Problem description » Although the data below holds other lines too, output only those from the line with "Definition aggr (N" up to and including the line with "Rabs (F (padd", exactly as they appear.

(Stored items)
(* Assume Assumption 1, and assume that for every finite collection of samples one of the following holds: (1) the game $\mathcal G$ admits a unique Nash equilibrium; or (2) $g(x,\theta)=\tilde g(\sigma(x),\theta)$ depends on $x$ only through the aggregate $\sigma(x)=\sum_{i\in\mathcal N}x_i$, and all Nash equilibria of $\mathcal G$ have the same aggregate $\sigma(x)$. Given samples $\theta_1,\dots,\theta_M$, let $(x^*,y^* )$ be the minimum-Euclidean-norm solution of $\mathrm{VI}(F,\mathcal X\times\Delta_M)$ (so $x^*=\Phi(\theta_1,\dots,\theta_M)$), and let $\mathcal Y^*=\{m\in\{1,\dots,M\}: y^*_m>0\}$. Then $\{\theta_m\}_{m\in\mathcal Y^*}$ is a compression set, i.e. $\Phi(\{\theta_m\}_{m\in\mathcal Y^*})=\Phi(\theta_1,\dots,\theta_M)=x^*$.
   Context: Let $\mathcal N=\{1,\dots,N\}$ be a set of agents. Agent $i$ chooses $x_i\in\mathcal X_i\subset\mathbb R^n$; write $x=(x_i)_{i\in\mathcal N}\in\mathcal X=\mathcal X_1\times\cdots\times\mathcal X_N\subset\mathbb R^{nN}$ and $x_{-i}=(x_j)_{j\neq i}$. Let $\Theta$ be a set, $f_i:\mathbb R^{nN}\to\mathbb R$, $g:\mathbb R^{nN}\times\Theta\to\mathbb R$. For samples $S=\{\vartheta_1,\dots,\vartheta_K\}$, the game $\mathcal G(S)$ has each agent $i$ minimize over $x_i\in\mathcal X_i$ the cost $f_i(x)+\max_{\vartheta\in S}g(x,\vartheta)$; a Nash equilibrium is $x^*\in\mathcal X$ with $x^*_i$ optimal for each $i$ given $x^*_{-i}$. Assumption 1 (in case (2) with $g(\cdot,x_{-i},\theta)$ read as $\tilde g(\sigma(\cdot,x_{-i}),\theta)$): (i) for every $\theta\in\Theta$ and every $x_{-i}\in\prod_{j\ne i}\mathcal X_j$, $f_i(\cdot,x_{-i})+g(\cdot,x_{-i},\theta)$ is convex and continuously differentiable, and each $\mathcal X_i$ is nonempty, compact and convex; (ii) for every $\theta$ and $i$, $g(\cdot,\theta)$ and $f_i$ are twice differentiable on an open convex set containing $\mathcal X$; (iii) there are $\chi^f,\chi^g\in\mathbb R$ with $\chi^f+\chi^g\ge0$ such that for all $u,v\in\mathbb R^{nN}$ and $\theta\in\Theta$: $(u-v)^\top\big((\nabla_{u_i}f_i(u))_{i}-(\nabla_{v_i}f_i(v))_{i}\big)\ge\chi^f\|u-v\|^2$ and $(u-v)^\top(\nabla_u g(u,\theta)-\nabla_v g(v,\theta))\ge\chi^g\|u-v\|^2$. For samples $\vartheta_1,\dots,\vartheta_K$: $\Delta_K=\{y\in\mathbb R^K:y\ge0,\sum_m y_m=1\}$, $\hat g(x,y)=\sum_m y_m g(x,\vartheta_m)$, $F(x,y)=\big((\nabla_{x_i}f_i(x)+\nabla_{x_i}\hat g(x,y))_i,\ -(g(x,\vartheta_m))_{m=1}^K\big)$; $\mathrm{VI}(F,\mathcal X\times\Delta_K)$: find $z^*\in\mathcal X\times\Delta_K$ with $(z-z^* )^\top F(z^* )\ge0$ for all $z\in\mathcal X\times\Delta_K$. $\Phi(\vartheta_1,\dots,\vartheta_K)$ is the $x$-component of the minimum-Euclidean-norm solution of this VI. A subcollection $\mathcal C$ of $\{\theta_1,\dots,\theta_M\}$ is a compression set if $\Phi(\mathcal C)=\Phi(\theta_1,\dots,\theta_M)$. *)

From mathcomp Require Import all_boot.
From Stdlib Require Import Reals.
Set Implicit Arguments. Unset Strict Implicit. Unset Printing Implicit Defensive.
Open Scope R_scope.

Definition rsum (I : finType) (F : I -> R) : R := \big[Rplus/0]_(i : I) F i.

Definition adot (n : nat) (a b : 'I_n -> R) : R := rsum (fun k => a k * b k).
Definition anorm (n : nat) (a : 'I_n -> R) : R := sqrt (adot a a).
Definition asub (n : nat) (a b : 'I_n -> R) : 'I_n -> R := fun k => a k - b k.
Definition acomb (n : nat) (t : R) (a b : 'I_n -> R) : 'I_n -> R :=
  fun k => t * a k + (1 - t) * b k.

Definition prof (N n : nat) := 'I_N -> 'I_n -> R.
Definition pdot (N n : nat) (x y : prof N n) : R := rsum (fun i => adot (x i) (y i)).
Definition pnorm (N n : nat) (x : prof N n) : R := sqrt (pdot x x).
Definition padd (N n : nat) (x y : prof N n) : prof N n := fun i k => x i k + y i k.
Definition psub (N n : nat) (x y : prof N n) : prof N n := fun i k => x i k - y i k.
Definition pscale (N n : nat) (t : R) (x : prof N n) : prof N n := fun i k => t * x i k.
Definition pcomb (N n : nat) (t : R) (x y : prof N n) : prof N n :=
  fun i k => t * x i k + (1 - t) * y i k.

Definition upd (N n : nat) (x : prof N n) (i : 'I_N) (z : 'I_n -> R) : prof N n :=
  fun j => if j == i then z else x j.

Definition aggr (N n : nat) (x : prof N n) : 'I_n -> R := fun k => rsum (fun i => x i k).

Definition is_grad_at (N n : nat) (F : prof N n -> R) (v x : prof N n) : Prop :=
  forall eps, 0 < eps -> exists delta, 0 < delta /\
    forall h, pnorm h < delta ->
      Rabs (F (padd x h) - F x - pdot v h) <= eps * pnorm h.

Definition is_agrad_at (n : nat) (F : ('I_n -> R) -> R) (v z : 'I_n -> R) : Prop :=
  forall eps, 0 < eps -> exists delta, 0 < delta /\
    forall h, anorm h < delta ->
      Rabs (F (fun k => z k + h k) - F z - adot v h) <= eps * anorm h.

Definition plinear (N n : nat) (L : prof N n -> prof N n) : Prop :=
  (forall u v, L (padd u v) = padd (L u) (L v)) /\
  (forall t u, L (pscale t u) = pscale t (L u)).

Definition differentiable_map_at (N n : nat) (G : prof N n -> prof N n) (x : prof N n) : Prop :=
  exists L, plinear L /\
    forall eps, 0 < eps -> exists delta, 0 < delta /\
      forall h, pnorm h < delta ->
        pnorm (psub (psub (G (padd x h)) (G x)) (L h)) <= eps * pnorm h.

Definition acontinuous (n : nat) (H : ('I_n -> R) -> ('I_n -> R)) : Prop :=
  forall z eps, 0 < eps -> exists delta, 0 < delta /\
    forall w, anorm (asub w z) < delta -> anorm (asub (H w) (H z)) < eps.

Definition anonempty (n : nat) (A : ('I_n -> R) -> Prop) : Prop := exists a, A a.
Definition aconvex (n : nat) (A : ('I_n -> R) -> Prop) : Prop :=
  forall a b t, A a -> A b -> 0 <= t <= 1 -> A (acomb t a b).
(* compact subset of R^n = closed and bounded (Heine-Borel) *)
Definition aclosed (n : nat) (A : ('I_n -> R) -> Prop) : Prop :=
  forall z, (forall eps, 0 < eps -> exists a, A a /\ anorm (asub a z) < eps) -> A z.
Definition abounded (n : nat) (A : ('I_n -> R) -> Prop) : Prop :=
  exists B, forall a, A a -> anorm a <= B.
Definition acompact (n : nat) (A : ('I_n -> R) -> Prop) : Prop :=
  aclosed A /\ abounded A.
Definition aconvex_fun_on (n : nat) (A : ('I_n -> R) -> Prop) (h : ('I_n -> R) -> R) : Prop :=
  forall a b t, A a -> A b -> 0 <= t <= 1 ->
    h (acomb t a b) <= t * h a + (1 - t) * h b.

Definition popen (N n : nat) (U : prof N n -> Prop) : Prop :=
  forall x, U x -> exists r, 0 < r /\ forall z, pnorm (psub z x) < r -> U z.
Definition pconvex (N n : nat) (U : prof N n -> Prop) : Prop :=
  forall x y t, U x -> U y -> 0 <= t <= 1 -> U (pcomb t x y).

Definition inX (N n : nat) (Xs : 'I_N -> ('I_n -> R) -> Prop) (x : prof N n) : Prop :=
  forall i, Xs i (x i).

(* ---------- Assumption 1 ----------
   pgf i x  plays the role of  nabla_{x_i} f_i(x)  (partial gradient),
   gg x th  plays the role of  nabla_x g(x, th). *)
Definition assumption1 (N n : nat) (Theta : Type) (Xs : 'I_N -> ('I_n -> R) -> Prop)
    (f : 'I_N -> prof N n -> R) (g : prof N n -> Theta -> R)
    (pgf : 'I_N -> prof N n -> ('I_n -> R)) (gg : prof N n -> Theta -> prof N n) : Prop :=
  (* the gradients appearing in (iii) and in F exist everywhere *)
  (forall i x, is_agrad_at (fun z => f i (upd x i z)) (pgf i x) (x i)) /\
  (forall th x, is_grad_at (fun u => g u th) (gg x th) x) /\
  (forall i, anonempty (Xs i) /\ acompact (Xs i) /\ aconvex (Xs i)) /\
  (forall th i x, (forall j, j <> i -> Xs j (x j)) ->
     aconvex_fun_on (Xs i) (fun z => f i (upd x i z) + g (upd x i z) th) /\
     acontinuous (fun z => fun k => pgf i (upd x i z) k + gg (upd x i z) th i k)) /\
  (forall th, exists U : prof N n -> Prop, popen U /\ pconvex U /\
     (forall x, inX Xs x -> U x) /\
     (forall x, U x -> differentiable_map_at (fun u => gg u th) x)) /\
  (forall i, exists U : prof N n -> Prop, popen U /\ pconvex U /\
     (forall x, inX Xs x -> U x) /\
     exists G : prof N n -> prof N n,
       forall x, U x -> is_grad_at (f i) (G x) x /\ differentiable_map_at G x) /\
  exists chif chig : R, 0 <= chif + chig /\
    (forall u v : prof N n,
       chif * (pnorm (psub u v))^2 <= pdot (psub u v) (fun i k => pgf i u k - pgf i v k)) /\
    (forall (u v : prof N n) th,
       chig * (pnorm (psub u v))^2 <= pdot (psub u v) (psub (gg u th) (gg v th))).

Definition list_max (l : seq R) : R :=
  match l with [::] => 0 | a :: l' => foldr Rmax a l' end.

Definition cost (N n : nat) (Theta : Type) (f : 'I_N -> prof N n -> R)
    (g : prof N n -> Theta -> R) (S : seq Theta) (i : 'I_N) (x : prof N n) : R :=
  f i x + list_max [seq g x th | th <- S].

Definition is_NE (N n : nat) (Theta : Type) (Xs : 'I_N -> ('I_n -> R) -> Prop)
    (f : 'I_N -> prof N n -> R) (g : prof N n -> Theta -> R) (S : seq Theta)
    (x : prof N n) : Prop :=
  inX Xs x /\
  forall i z, Xs i z -> cost f g S i x <= cost f g S i (upd x i z).

Definition sample (Theta : Type) (l : seq Theta) (m : 'I_(size l)) : Theta :=
  tnth (in_tuple l) m.

Definition in_simplex (K : nat) (y : 'I_K -> R) : Prop :=
  (forall m, 0 <= y m) /\ rsum y = 1.

Definition Fx (N n : nat) (Theta : Type) (pgf : 'I_N -> prof N n -> ('I_n -> R))
    (gg : prof N n -> Theta -> prof N n) (l : seq Theta)
    (x : prof N n) (y : 'I_(size l) -> R) : prof N n :=
  fun i k => pgf i x k + rsum (fun m => y m * gg x (sample m) i k).

Definition Fy (N n : nat) (Theta : Type) (g : prof N n -> Theta -> R) (l : seq Theta)
    (x : prof N n) : 'I_(size l) -> R :=
  fun m => - g x (sample m).

Definition VI_sol (N n : nat) (Theta : Type) (Xs : 'I_N -> ('I_n -> R) -> Prop)
    (pgf : 'I_N -> prof N n -> ('I_n -> R)) (g : prof N n -> Theta -> R)
    (gg : prof N n -> Theta -> prof N n) (l : seq Theta)
    (x : prof N n) (y : 'I_(size l) -> R) : Prop :=
  inX Xs x /\ in_simplex y /\
  forall (x' : prof N n) (y' : 'I_(size l) -> R), inX Xs x' -> in_simplex y' ->
    0 <= pdot (psub x' x) (Fx pgf gg x y) + rsum (fun m => (y' m - y m) * Fy g x m).

Arguments VI_sol {N n Theta} Xs pgf g gg l x y.

Definition znorm (N n K : nat) (x : prof N n) (y : 'I_K -> R) : R :=
  sqrt (pdot x x + rsum (fun m => y m * y m)).

Definition min_norm_sol (N n : nat) (Theta : Type) (Xs : 'I_N -> ('I_n -> R) -> Prop)
    (pgf : 'I_N -> prof N n -> ('I_n -> R)) (g : prof N n -> Theta -> R)
    (gg : prof N n -> Theta -> prof N n) (l : seq Theta)
    (x : prof N n) (y : 'I_(size l) -> R) : Prop :=
  VI_sol Xs pgf g gg l x y /\
  forall x' y', VI_sol Xs pgf g gg l x' y' -> znorm x y <= znorm x' y'.
Arguments min_norm_sol {N n Theta} Xs pgf g gg l x y.

Definition Phi_is (N n : nat) (Theta : Type) (Xs : 'I_N -> ('I_n -> R) -> Prop)
    (pgf : 'I_N -> prof N n -> ('I_n -> R)) (g : prof N n -> Theta -> R)
    (gg : prof N n -> Theta -> prof N n) (l : seq Theta) (x : prof N n) : Prop :=
  (exists y, min_norm_sol Xs pgf g gg l x y) /\
  (forall x' y, min_norm_sol Xs pgf g gg l x' y -> x' = x).

Definition Rpos_b (r : R) : bool := if Rlt_dec 0 r then true else false.

Definition supp_samples (Theta : Type) (l : seq Theta) (y : 'I_(size l) -> R) : seq Theta :=
  [seq sample m | m <- enum 'I_(size l) & Rpos_b (y m)].
Arguments supp_samples {Theta} l y.
Arguments Phi_is {N n Theta} Xs pgf g gg l x.

(* Let (xs, ys) be the minimum-norm solution of VI(F, X x Delta_M) and let S be
   the list of samples theta_m with ys_m > 0.  The proof has three ingredients.
   1. Every solution (x, y) of the VI gives a Nash equilibrium x of G: the
      x-part of the VI is the first-order optimality condition of the convex
      averaged cost f_i + sum_m y_m g(., theta_m), and the y-part says that y
      puts its mass on maximisers of g(x, .), so the average equals the max.
   2. Over a fixed list of samples, the minimum-norm VI solutions all have the
      same x.  Under a unique equilibrium this is (1).  In the aggregative case
      two minimum-norm solutions with the same aggregate average to another VI
      solution (monotonicity of the pseudo-gradient plus the Minty argument),
      and strict convexity of the squared norm forces them to coincide.
   3. Extending weights on S by zero to weights on all samples, and restricting
      ys to S, transport VI solutions and their norms between the two lists;
      the equilibrium hypothesis on S makes g agree at the two x's, which is
      what lets an S-solution be extended. *)
From HB Require Import structures.
From mathcomp Require Import all_boot.
From Stdlib Require Import Reals Lra FunctionalExtensionality Classical.
Open Scope R_scope.
Set Implicit Arguments. Unset Strict Implicit.

HB.instance Definition _ := Monoid.isComLaw.Build R 0 Rplus
  (fun a b c => esym (Rplus_assoc a b c)) Rplus_comm Rplus_0_l.
HB.instance Definition _ := Monoid.isMulLaw.Build R 0 Rmult Rmult_0_l Rmult_0_r.
HB.instance Definition _ :=
  Monoid.isAddLaw.Build R Rmult Rplus Rmult_plus_distr_r Rmult_plus_distr_l.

Answer section »
Definition aggr (N n : nat) (x : prof N n) : 'I_n -> R := fun k => rsum (fun i => x i k).

Definition is_grad_at (N n : nat) (F : prof N n -> R) (v x : prof N n) : Prop :=
  forall eps, 0 < eps -> exists delta, 0 < delta /\
    forall h, pnorm h < delta ->
      Rabs (F (padd x h) - F x - pdot v h) <= eps * pnorm h.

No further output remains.